Israel Supreme Court Reserves Decision on Asylum for United States Jew

A three-judge Supreme Court tribunal reserved decision today on the application for asylum in Israel of Peter Lieberman, 42, of Detroit, allegedly sought by United States authorities for passport fraud. The judges ordered Israeli officials to suspend proceedings against Lieberman until September 21.

Lieberman, whose exact whereabouts are unknown and who is being sought by Israeli police for illegal entry, was represented by counsel in an ex-parts hearing. The attorney Eliezer Pugatch, asked the court to call on the Interior Ministry to show cause why Lieberman should not, as a Jew, be granted a settler’s visa under the Law of the Return. The attorney asked that in the interim, Lieberman should not be deported.

The judges issued a temporary stay to enable counsel to submit further depositions by Friday. Among the depositions for which the court asked were details on Lieberman’s claim he had served an American federal agent in Marseilles in anti-narcotics work and information on his entry into Israel under a false passport.
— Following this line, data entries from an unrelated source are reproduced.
Lemma simple_graph_join : simple_graph g -> simple_graph h -> simple_graph graph_join.
Proof.
move=> [gsym girr] [hsym hirr]; split.
  move=> u v; case: (split_ordP u) => x ->; case: (split_ordP v) => y ->;
  by rewrite /graph_join !splitE.
by move=> u; case: (split_ordP u) => x ->; rewrite /graph_join !splitE.
Qed.

Lemma regular_join r s : regular r g -> regular s h -> (0 < N -> r + N = s + M) ->
  regular (r + N) graph_join.
Proof.
move=> rg sh rs u; case: (split_ordP u) => x ->.
  by rewrite nbhd_join_lshift card_joinset rg cardsT card_ord.
rewrite nbhd_join_rshift card_joinset sh cardsT card_ord addnC rs //.
exact: leq_ltn_trans (leq0n x) (ltn_ord x).
Qed.

(* A vertex adjacent to a whole side cannot force into it while two of its vertices are white. *)
Lemma stalled_join C D : stalled g C -> stalled h D -> #|~: C| != 1 -> #|~: D| != 1 ->
  stalled graph_join (joinset C D).
Proof.
move=> stC stD C1 D1; apply/subsetP => w; rewrite /force_step in_setU.
case/orP => [// | ]; rewrite inE => /existsP [u /andP [uCD /andP [euw /forallP uw]]].
have blue_except x : graph_join u x -> x != w -> x \in joinset C D.
  by move=> eux xw; move/implyP: (uw x); apply; rewrite eux.
case: (split_ordP w) euw blue_except => c -> euw blue_except; rewrite in_joinsetE.
all: case: (split_ordP u) uCD euw blue_except => a -> aCD euw blue_except.
all: move: aCD euw; rewrite in_joinsetE /graph_join !splitE => aCD euw.
- apply: (subsetP stC); rewrite !inE; apply/orP; right; apply/existsP; exists a.
  rewrite aCD euw; apply/forallP => x; apply/implyP => /andP [eax xc].
  by rewrite -(in_joinset_l C D) blue_except ?(inj_eq (@lshift_inj M N)) // /graph_join !splitE.
- apply: contraTT C1 => cC; rewrite negbK; apply/eqP; apply: (card_setC_eq1 cC) => x xc.
  by rewrite -(in_joinset_l C D) blue_except ?(inj_eq (@lshift_inj M N)) // /graph_join !splitE.
- apply: contraTT D1 => cD; rewrite negbK; apply/eqP; apply: (card_setC_eq1 cD) => x xc.
  by rewrite -(in_joinset_r C D) blue_except ?(inj_eq (@rshift_inj M N)) // /graph_join !splitE.
- apply: (subsetP stD); rewrite !inE; apply/orP; right; apply/existsP; exists a.
  rewrite aCD euw; apply/forallP => x; apply/implyP => /andP [eax xc].
  by rewrite -(in_joinset_r C D) blue_except ?(inj_eq (@rshift_inj M N)) // /graph_join !splitE.
Qed.

Lemma card_setC_zf_closure_join C D (S : {set 'I_(M + N)}) :
  stalled g C -> stalled h D -> #|~: C| != 1 -> #|~: D| != 1 -> S \subset joinset C D ->
  #|~: C| + #|~: D| <= #|~: zf_closure graph_join S|.
Proof.
move=> stC stD C1 D1 sS; rewrite -card_joinset -setC_joinset.
by apply/subset_leq_card; rewrite setCS zf_closure_min // stalled_join.
Qed.

Lemma closed_nbhds_stall_join :
  closed_nbhds_stall g -> closed_nbhds_stall h -> closed_nbhds_stall graph_join.
Proof.
move=> stg sth u; case: (split_ordP u) => x ->.
  apply: leq_trans (stg x) _; rewrite -[X in X <= _]addn0 -(cards0 'I_N) -setCT.
  apply: card_setC_zf_closure_join; rewrite ?zf_closure_stalled ?stalledT ?setCT ?cards0 //.
    by rewrite neq_ltn stg orbT.
  by rewrite closed_nbhd_join_lshift joinsetS ?subset_zf_closure.
apply: leq_trans (sth x) _; rewrite -[X in X <= _]add0n -(cards0 'I_M) -setCT.
apply: card_setC_zf_closure_join; rewrite ?zf_closure_stalled ?stalledT ?setCT ?cards0 //.
  by rewrite neq_ltn sth orbT.
by rewrite closed_nbhd_join_rshift joinsetS ?subset_zf_closure.
Qed.

Lemma zero_forcing_set_join C :
  zero_forcing_set g C -> zero_forcing_set graph_join (joinset C setT).
Proof.
move=> /zero_forcing_setP zC; apply/zero_forcing_setP => B sCB stB.
set L := [set a | lshift N a \in B].
have rB c : rshift M c \in B by apply: (subsetP sCB); rewrite in_joinsetE inE.
have sCL : C \subset L by apply/subsetP => a aC; rewrite inE (subsetP sCB) ?in_joinsetE.
have stL : stalled g L.
  apply/subsetP => w; rewrite /force_step in_setU => /orP [// | ].
  rewrite inE => /existsP [u /andP [uL /andP [guw /forallP uw]]].
  rewrite inE; apply: (subsetP stB); rewrite /force_step in_setU inE; apply/orP; right.
  apply/existsP; exists (lshift N u); rewrite inE in uL.
  rewrite uL /graph_join !splitE guw; apply/forallP => v.
  case: (split_ordP v) => x ->; rewrite ?rB ?implybT //.
  by rewrite (inj_eq (@lshift_inj M N)); move: (uw x); rewrite inE.
have LT := zC L sCL stL.
apply/setP => u; rewrite inE; case: (split_ordP u) => x ->; last exact: rB.
by have := in_setT x; rewrite -LT inE.
Qed.

Lemma adj_mx_join :
  adj_mx graph_join = block_mx (adj_mx g) (const_mx 1%R) (const_mx 1%R) (adj_mx h).
Proof.
apply/matrixP => u v; case: (split_ordP u) => x ->; case: (split_ordP v) => y ->;
by rewrite ?block_mxEul ?block_mxEur ?block_mxEdl ?block_mxEdr !mxE /graph_join !splitE.
Qed.

End Join.

Section Cospectral.
Local Open Scope ring_scope.

Lemma char_poly_intertwined (R : idomainType) n (A B P : 'M[R]_n) :
  P *m A = B *m P -> \det P != 0 -> char_poly A = char_poly B.
Proof.
move=> PA_BP detP; pose Px := map_mx (@polyC R) P.
have : Px *m char_poly_mx A = char_poly_mx B *m Px.
  by rewrite mulmxBr mulmxBl -!map_mxM PA_BP mul_mx_scalar mul_scalar_mx.
move/(congr1 determinant); rewrite !det_mulmx det_map_mx mulrC.
by move/mulIf; apply; rewrite polyC_eq0.
Qed.

Lemma cospectral_join M N (g1 g2 : rel 'I_M) (h : rel 'I_N) (Q : 'M[int]_M) (s : int) :
  Q *m adj_mx g1 = adj_mx g2 *m Q ->
  (forall i, \sum_j Q i j = s) -> (forall j, \sum_i Q i j = s) -> s != 0 -> \det Q != 0 ->
  cospectral (graph_join g1 h) (graph_join g2 h).
Proof.
move=> QA rows cols s_neq0 detQ; rewrite /cospectral !adj_mx_join.
have QJ : Q *m const_mx 1 = const_mx s :> 'M_(M, N).
  by apply/matrixP => i j; rewrite !mxE -(rows i); apply: eq_bigr => l _; rewrite mxE mulr1.
have JQ : const_mx 1 *m Q = const_mx s :> 'M_(N, M).
  by apply/matrixP => i j; rewrite !mxE -(cols j); apply: eq_bigr => l _; rewrite mxE mul1r.
apply: (@char_poly_intertwined _ _ _ _ (block_mx Q 0 0 s%:M)).
  rewrite !mulmx_block !mul0mx !mulmx0 !addr0 !add0r QA QJ JQ.
  by rewrite !mul_scalar_mx !mul_mx_scalar !scalemx_const mulr1.
by rewrite det_ublock det_scalar mulf_neq0 // expf_neq0.
Qed.

End Cospectral.

(** * Complete multipartite graphs *)

Section CompleteMultipartite.
Variables b p : nat.

Definition complete_multipartite : rel 'I_(b * p) := fun c c' => c %/ b != c' %/ b.

Definition part (c : 'I_(b * p)) : {set 'I_(b * p)} := [set c' : 'I_(b * p) | c' %/ b == c %/ b].

Lemma card_part c : #|part c| = b.
Proof.
have b_gt0 : 0 < b by case: b c => [|//] [].
pose f (j : 'I_b) : 'I_(b * p) := insubd c (c %/ b * b + j).
have valf j : val (f j) = c %/ b * b + j.
  rewrite val_insubd; case: ltnP => // /negP[].
  have : c %/ b < p by rewrite ltn_divLR // [p * b]mulnC.
  have := ltn_ord j; move: (c %/ b) => q; nia.
have -> : part c = f @: setT.
  apply/setP => c'; rewrite inE; apply/eqP/imsetP => [same | [j _ ->]].
    exists (Ordinal (ltn_pmod c' b_gt0)) => //; apply: val_inj.
    by rewrite valf /= -same -divn_eq.
  by rewrite valf divnMDl // (divn_small (ltn_ord j)) addn0.
by rewrite card_imset ?cardsT ?card_ord // => j j' /(congr1 val); rewrite !valf => /addnI /val_inj.
Qed.

Lemma simple_complete_multipartite : simple_graph complete_multipartite.
Proof. by split=> [c c' | c]; rewrite /complete_multipartite ?eqxx // eq_sym. Qed.

Lemma nbhd_complete_multipartite c : nbhd complete_multipartite c = ~: part c.
Proof. by apply/setP => c'; rewrite !inE eq_sym. Qed.

Lemma regular_complete_multipartite : regular (b * p - b) complete_multipartite.
Proof.
by move=> c; rewrite nbhd_complete_multipartite cardsCs setCK card_ord card_part.
Qed.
As in the case of Dr. Robert A. Soblen, who died in London yesterday from an overdose of barbiturates taken to delay his return to the United States, the United States Government cannot obtain his return because the two countries have no extradition treaty. But the U.S. Embassy in Tel Aviv asked the Israel Government to expel Lieberman, who arrived in Israel on August 30 as a stowaway on an Israeli liner.